Минут через двадцать приехал Черныш.
– Да, брат, что случилось? Мари никто не трогает.
– Молодец, вопрос в другом. Ты знаешь, что пистолет Жоко у меня, и если я отнесу его в милицию и свидетели, в том числе и ты, подтвердят, что нашли его у Жоко, парень будет лежать не в городской больнице, а в тюремной, так?
– Да, так.
– Тогда иди домой к Жоко и скажи его матери, что, если она сама или кто-нибудь от нее подойдет к дому Мари ближе, чем на сто метров, Жоко окажется в тюрьме. Если родители Мари сами предложат помощь, ни в коем случае не принимать. Понятно?
– Конечно, понятно.
Пожали друг другу руки и разошлись.
* * *
Утром я с трудом заставил себя проснуться.
– Вставай, Давид, опаздываешь на пробежку, – поторопил меня брат.
– Я сегодня не пойду бегать, ограничусь зарядкой.
– Как знаешь. Что-то ты в последнее время не ладишь со спортом.
Быстро привел себя в порядок и собрался уходить. Уже стоя в дверях, услышал голос мамы:
– Давид, возьми с собой завтрак в университет.
– Мам, дай лучше денег! Если я выну из кармана завтрак и начну есть, меня засмеют, как маменькиного сынка.

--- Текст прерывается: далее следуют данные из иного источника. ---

Lemma coef_monomial (a : {poly R}) i m :
  (a%:P * 'X^i : {poly {poly R}})`_m = if m == i then a else 0.
Proof. by rewrite coefCM coefXn; case: eqP; rewrite ?mulr1 ?mulr0. Qed.

Lemma coef_ore_mul_monomial_l (a : {poly R}) i (g : {poly {poly R}}) m :
  (ore_mul (a%:P * 'X^i) g)`_m =
    if (i <= m)%N then a * iter i alpha g`_(m - i) else 0.
Proof.
rewrite (coef_ore_mul_widen _ (size_monomial a i) (leqnn (size g))).
under eq_bigr => k _ do rewrite coef_monomial.
rewrite (eq_bigr (fun k : 'I_i.+1 => if k == i :> nat then
   \sum_(j < size g) (if (i + j == m)%N then a * iter i alpha g`_j else 0) else 0)).
  rewrite sumr_ord_delta ltnSn; case: leqP => [le_im|lt_mi]; last first.
    by rewrite big1 // => j _; case: eqP => //; lia.
  rewrite (eq_bigr (fun j : 'I_(size g) =>
      if j == (m - i)%N :> nat then a * iter i alpha g`_(m - i) else 0)).
    by rewrite sumr_ord_delta; case: ltnP => // /(nth_default 0) ->; rewrite rmorph0 mulr0.
  move=> j _; have [->|ne_j] := eqVneq (j : nat) (m - i)%N.
    by rewrite subnKC // eqxx.
  by case: eqP => //; lia.
move=> k _; case: eqP => [->|_] //.
by apply: big1 => j _; rewrite mul0r if_same.
Qed.

Lemma coef_ore_mul_monomial_r (f : {poly {poly R}}) (b : {poly R}) j m :
  (ore_mul f (b%:P * 'X^j))`_m =
    if (j <= m)%N then f`_(m - j) * iter (m - j) alpha b else 0.
Proof.
rewrite (coef_ore_mul_widen _ (leqnn (size f)) (size_monomial b j)).
under eq_bigr => i _ do under eq_bigr => k _ do rewrite coef_monomial.
rewrite (eq_bigr (fun i : 'I_(size f) => if i == (m - j)%N :> nat then
     (if (j <= m)%N then f`_(m - j) * iter (m - j) alpha b else 0) else 0)).
  rewrite sumr_ord_delta; case: ltnP => // /(nth_default 0) ->.
  by rewrite mul0r if_same.
move=> i _; rewrite (eq_bigr (fun k : 'I_j.+1 => if k == j :> nat then
    (if (i + j == m)%N then f`_i * iter i alpha b else 0) else 0)).
  rewrite sumr_ord_delta ltnSn; have [->|ne_i] := eqVneq (i : nat) (m - j)%N.
    by case: leqP => [le_jm|lt_mj]; [rewrite subnK // eqxx | case: eqP => //; lia].
  by case: eqP => //; lia.
move=> k _; have [->|_] //= := eqVneq (k : nat) j.
by rewrite rmorph0 mulr0 if_same.
Qed.

Lemma coef_ore_mulC_l (a : {poly R}) (g : {poly {poly R}}) m :
  (ore_mul a%:P g)`_m = a * g`_m.
Proof. by have := coef_ore_mul_monomial_l a 0 g m; rewrite expr0 mulr1 subn0. Qed.

Section Characteristic.
Variable r : nat.
Hypothesis e_ge2 : (2 <= e)%N.
Hypothesis charR : forall n : nat, (n%:R == 0 :> R) = (p ^ r.+1 %| n)%N.

Lemma coef_ore_mul_support (f g : {poly {poly R}}) m N :
  ((ore_mul f g)`_m)`_N != 0 ->
  exists i j a n k, [/\ m = (i + j)%N, (f`_i)`_a != 0, (g`_j)`_n != 0,
    N = (a + n + k * (e - 1))%N & (k <= r)%N /\ (k <= Sigma e i * n)%N].
Proof.
rewrite (coef_ore_mul_widen _ (leqnn _) (leqnn _)) coef_sum.
move=> /sumr_neq0_exists [i]; rewrite coef_sum => /sumr_neq0_exists [j].
case: ifP => [/eqP m_eq|_]; last by rewrite coef0 eqxx.
rewrite coefM => /sumr_neq0_exists [a fa_alpha].
have fa : (f`_i)`_a != 0 by apply: contraNneq fa_alpha => ->; rewrite mul0r.
have /(coef_iter_alpha_support e_ge2 charR) : (iter i alpha g`_j)`_(N - a) != 0.
  by apply: contraNneq fa_alpha => ->; rewrite mulr0.
move=> [n [k [gn N_eq le_kr le_k]]].
by exists i, j, a, n, k; split => //; have := ltn_ord a; lia.
Qed.

End Characteristic.
End OreProduct.

Section MonomialSpans.
Variable R : nzRingType.
Variables p e r : nat.
Hypothesis e_ge2 : (2 <= e)%N.
Hypothesis charR : forall n : nat, (n%:R == 0 :> R) = (p ^ r.+1 %| n)%N.

Local Notation ore_mul := (@ore_mul R p e).

(* Closure of a set of monomials [x^n y^m] under the supports of products. *)
Definition ore_closed (P : nat -> nat -> bool) := forall n1 m1 n2 m2 k,
  P n1 m1 -> P n2 m2 -> (k <= r)%N -> (k <= Sigma e m1 * n2)%N ->
  P (n1 + n2 + k * (e - 1))%N (m1 + m2)%N.

Lemma spanMon_ore_mul (P : nat -> nat -> bool) f g : ore_closed P ->
  spanMon P f -> spanMon P g -> spanMon P (ore_mul f g).
Proof.
move=> closedP Pf Pg m N /(coef_ore_mul_support e_ge2 charR).
by move=> [i [j [a [n [k [-> /Pf Pa /Pg Pn -> [le_kr le_k]]]]]]]; apply: closedP.
Qed.

Lemma spanMonB (P : nat -> nat -> bool) f g :
  spanMon (R := R) P f -> spanMon P g -> spanMon P (f - g).
Proof.
move=> Pf Pg m n; rewrite !coefB; have [fmn0|/Pf //] := eqVneq (f`_m)`_n 0.
by rewrite fmn0 sub0r oppr_eq0 => /Pg.
Qed.

Lemma ore_subring_spanMon (P : nat -> nat -> bool) :
  P 0%N 0%N -> ore_closed P -> ore_subring p e (spanMon (R := R) P).
Proof.
move=> P00 closedP; split=> [m n|f g|f g]; [|exact: spanMonB|exact: spanMon_ore_mul].
rewrite coef1; have [->|_] /= := eqVneq m 0%N; last by rewrite coef0 eqxx.
by rewrite coef1; have [->|_] //= := eqVneq n 0%N; rewrite eqxx.
Qed.

Lemma exists_support_bound (E : seq {poly {poly R}}) : exists B, forall z, z \in E ->
  forall m n, (z`_m)`_n != 0 -> (m < B)%N /\ (n < B)%N.
Proof.
elim: E => [|z E [B IH]]; first by exists 0%N.
exists (maxn B (size z + \sum_(i < size z) size (z`_i)%R)) => z'.
rewrite inE => /predU1P [-> m n zmn|/IH bound_z' m n /bound_z' [? ?]]; last first.
  by split; apply: leq_trans (leq_maxl _ _).
have lt_m : (m < size z)%N.
  by rewrite ltnNge; apply: contraNN zmn => /(nth_default 0) ->; rewrite coef0.
have lt_n : (n < size (z`_m)%R)%N.
  by rewrite ltnNge; apply: contraNN zmn => /(nth_default 0) ->.
split; apply: leq_trans (leq_maxr _ _); first exact: ltn_addr.
apply: leq_trans lt_n _; rewrite (bigD1 (Ordinal lt_m)) //=.
by rewrite addnCA leq_addr.
Qed.

End MonomialSpans.

Section MonomialSets.
Variables e r c d mu : nat.
Hypotheses (e_ge2 : (2 <= e)%N) (c_gt0 : (0 < c)%N) (d_dvd : (d %| e - 1)%N)
  (mu_gt0 : (0 < mu)%N) (r_ge : (c * Sigma e mu.-1 <= r)%N).

Lemma inT_inTt n m : inT e c d r mu n m -> inTt c d n m.
Proof. by case/and3P => le_cm d_dvd_n _; rewrite /inTt eqn_mod_dvd. Qed.

Lemma ore_closed_inTt : ore_closed e r (inTt c d).
Proof.
move=> n1 m1 n2 m2 k /eqP n1_eq /eqP n2_eq _ _; apply/eqP.
rewrite -modnDmr (eqP (dvdn_mull k d_dvd)) addn0.
by rewrite -modnDm n1_eq n2_eq modnDm mulnDr.
Qed.

Lemma ore_closed_inT : ore_closed e r (inT e c d r mu).
Proof.
move=> n1 m1 n2 m2 k /and3P [le1 d1 Sb1] /and3P [le2 d2 Sb2] le_kr le_k.
apply/and3P; rewrite mulnDr; split.
- by rewrite -addnA leq_add // (leq_trans le2) ?leq_addr.
- move: le1 le2; set a := (c * m1)%N; set b := (c * m2)%N; set K := (k * (e - 1))%N.
  move=> le1 le2; rewrite (_ : n1 + n2 + K - (a + b) = n1 - a + (n2 - b) + K)%N.
    by rewrite !dvdn_add // dvdn_mull.
  by clear -le1 le2; lia.
- exact: Sbar_product_bound.
Qed.

End MonomialSets.

Lemma regularS_lead (R : nzRingType) (u : {poly R}) :
  GRing.lreg (lead_coef u) -> GRing.rreg (lead_coef u) -> regularS u.
Proof.
move=> /lreg_lead lreg_u /rreg_lead rreg_u q; split=> uq0.
  by apply: lreg_u; rewrite uq0 mulr0.
by apply: rreg_u; rewrite uq0 mul0r.
Qed.

Lemma regularS_Xn (R : nzRingType) n : regularS ('X^n : {poly R}).
Proof. by apply: regularS_lead; rewrite lead_coefXn; [apply: lreg1 | apply: rreg1]. Qed.

Section Essential.
Variable R : nzRingType.
Variables p e r c d mu : nat.
Hypotheses (e_ge2 : (2 <= e)%N) (r_gt0 : (0 < r)%N) (c_gt0 : (0 < c)%N)
  (d_gt0 : (0 < d)%N) (d_dvd : (d %| e - 1)%N) (mu_gt0 : (0 < mu)%N)
  (r_ge : (c * Sigma e mu.-1 <= r)%N).
Hypothesis charR : forall n : nat, (n%:R == 0 :> R) = (p ^ r.+1 %| n)%N.

Local Notation alpha := (@alphaX R p e).
Local Notation ore_mul := (@ore_mul R p e).
Local Notation A := (spanMon (R := R) (inT e c d r mu)).
Local Notation At := (spanMon (R := R) (inTt c d)).

Section Witness.
Variable B : nat.

(* Past [mu], [Sbar] grows by [c + r (e - 1)] per unit of [m], which leaves
   room above [x^N y^M] for all monomials of degrees below [B]. *)
Let M := (mu + d * c * B + B + r * (e - 1))%N.
Let N := (c * M + d * c * B)%N.
Let w : {poly {poly R}} := ('X^N)%:P * 'X^M.

Lemma coef_witness_neq0 m n : (w`_m)`_n != 0 -> m = M /\ n = N.
Proof.
rewrite /w coef_monomial; case: ifP => [/eqP ->|_]; last by rewrite coef0 eqxx.
by rewrite coefXn; have [->|_] /= := eqVneq n N; rewrite ?mulr0n ?eqxx.
Qed.

Lemma witness_room : (N + B + r * (e - 1) <= Sbar e c r mu M)%N.
Proof.
have mu_M : (mu <= M)%N by rewrite /M -!addnA leq_addr.
have := Sbar_large_ge e_ge2 c_gt0 mu_gt0 r_ge mu_M.
have : (M - mu <= (M - mu) * r * (e - 1))%N.
  by rewrite -mulnA leq_pmulr // muln_gt0 r_gt0 subn_gt0.
rewrite /N /M; nia.
Qed.

Lemma A_witness : A w.
Proof.
move=> m n /coef_witness_neq0 [-> ->]; apply/and3P; split.
- by rewrite /N leq_addr.
- by rewrite /N addKn dvdn_mulr // dvdn_mulr.
- by have := witness_room; lia.
Qed.

Lemma A_ore_mul_witness z : At z ->
  (forall m n, (z`_m)`_n != 0 -> (m < B)%N /\ (n < B)%N) -> A (ore_mul w z).
Proof.
move=> At_z z_bound m' N' /(coef_ore_mul_support e_ge2 charR).
move=> [i [j [a [n [k [-> /coef_witness_neq0 [-> ->] zjn -> [le_kr le_k]]]]]]].
have [lt_jB lt_nB] := z_bound _ _ zjn.
have le_cj : (c * j <= d * c * B)%N.
  by rewrite -mulnA (leq_trans _ (leq_pmull _ d_gt0)) // leq_mul // ltnW.
have le_cMj : (c * (M + j) <= N + n + k * (e - 1))%N by rewrite mulnDr /N; lia.
apply/and3P; split => //.
  rewrite -eqn_mod_dvd //; apply/eqP.
  rewrite -modnDmr (eqP (dvdn_mull k d_dvd)) addn0 -modnDmr (eqP (At_z _ _ zjn)).
  by rewrite modnDmr /N addnAC -modnDmr -mulnA modnMr addn0 mulnDr.
apply: leq_trans (leq_Sbar e_ge2 c_gt0 mu_gt0 r_ge (leq_addr j M)).
have := witness_room; have : (k * (e - 1) <= r * (e - 1))%N by rewrite leq_mul.
lia.
Qed.

Lemma ore_mul_witness_neq0 z : z != 0 -> ore_mul w z != 0.
Proof.
move=> z_neq0; set j := (size z).-1.
have zj : z`_j != 0 by rewrite -lead_coefE lead_coef_eq0.
apply/eqP => wz0; have := coef_ore_mul_monomial_l p e ('X^N) M z (M + j).
rewrite -/w wz0 coef0 leq_addr addKn => /esym/eqP.
have alpha_zj : iter M alpha z`_j != 0 by rewrite (iter_alpha_eq0 p e_ge2).
rewrite -commr_polyXn -size_poly_eq0 size_mulXn // addn_eq0 size_poly_eq0.
by rewrite (negPf alpha_zj) andbF.
Qed.

Lemma ore_mul_witness_reg a : ore_mul a w = 0 -> a = 0.
Proof.
move=> aw0; apply/polyP => m; rewrite coef0.
have := coef_ore_mul_monomial_r p e a ('X^N) M (m + M).
rewrite -/w aw0 coef0 leq_addl addnK.
have XN_low i : (i < N)%N -> ('X^N : {poly R})`_i = 0.
  by move=> lt_iN; rewrite coefXn; case: eqP => // i_eq; lia.
have [alpha_low alpha_N] := iter_alpha_lowest p e_ge2 m XN_low.
have : GRing.rreg (iter m alpha 'X^N).
  by apply: (rreg_lowest_coef1 alpha_low); rewrite alpha_N coefXn eqxx.
by move=> alpha_reg /esym am0; apply: alpha_reg; rewrite am0 mul0r.
Qed.

End Witness.

Lemma strongly_nicely_essential_inT : strongly_nicely_essential p e A At.
Proof.
split.
  split=> [f Af m n /Af|E E_At]; first exact: inT_inTt.
  have [B B_E] := exists_support_bound E.
  eexists; split=> [|z z_E]; first exact: A_witness.
  have [At_z z_neq0] := E_At z z_E.
  split; first exact: ore_mul_witness_neq0.
  exact: A_ore_mul_witness At_z (B_E z z_E).
move=> z At_z; have [B B_z] := exists_support_bound [:: z].
eexists; split; first exact: A_witness.
split.
  by move=> a _; apply: ore_mul_witness_reg.
by apply: A_ore_mul_witness At_z _ => m n; apply: B_z; rewrite mem_seq1.
Qed.

End Essential.

Lemma spanMon_coef_monomial (R : nzRingType) (P : nat -> nat -> bool)
    (f : {poly {poly R}}) m :
  spanMon P f -> spanMon P ((f`_m)%:P * 'X^m).
Proof.
move=> Pf m' n; rewrite coef_monomial.
by case: ifP => [/eqP ->|_]; [apply: Pf | rewrite coef0 eqxx].
Qed.

Section SpecialSubextension.
Variable R : nzRingType.
Variables p e r c d : nat.
Hypotheses (e_ge2 : (2 <= e)%N) (d_gt0 : (0 < d)%N) (d_dvd : (d %| e - 1)%N).
Hypothesis charR : forall n : nat, (n%:R == 0 :> R) = (p ^ r.+1 %| n)%N.

Local Notation alpha := (@alphaX R p e).
Local Notation ore_mul := (@ore_mul R p e).
Local Notation At := (spanMon (R := R) (inTt c d)).
Local Notation lambda m := (('X^(c * m))%:P * 'X^m : {poly {poly R}}).

Lemma At_lambda m : At (lambda m).
Proof.
move=> m' n; rewrite coef_monomial; case: ifP => [/eqP ->|_]; last by rewrite coef0 eqxx.
by rewrite coefXn /inTt; have [->|_] /= := eqVneq n (c * m)%N; rewrite ?mulr0n ?eqxx.
Qed.

Lemma Deg_y_At k : Deg_y At k.
Proof.
have Xn_neq0 : 'X^(c * k) != 0 :> {poly R} by rewrite -lead_coef_eq0 lead_coefXn oner_neq0.
have size_lambda : size (lambda k) = k.+1.
  by rewrite size_mulXn ?polyC_eq0 // size_polyC Xn_neq0 addn1.
by exists (lambda k); rewrite -size_poly_eq0 size_lambda; split; first exact: At_lambda.
Qed.

Lemma is_dA_At : is_dA At 1.
Proof. by split=> [k _ _|g g_dvd]; [apply: dvd1n | apply: g_dvd (Deg_y_At 1) _]. Qed.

– Ну да, я и забыла, что все карманные деньги ты тратишь на такси. Надо это учесть в семейном бюджете…
* * *
В университет добрался без опозданий. Вся группа была уже в сборе.
– Привет, ребята, какие вы дисциплинированные!
– Привет, Давид, как провел праздники?
– Да ничего особенного, по большей части дома, с родными.
– А говорят, Рафа из-за твоей Мари какого-то известного артиста порезал, человек при смерти, в больнице.
– Кто сказал такую глупость?
– Девушка одна, подружка сестры Сергея с филологического факультета.
Я выбежал из аудитории и кинулся искать Сергея.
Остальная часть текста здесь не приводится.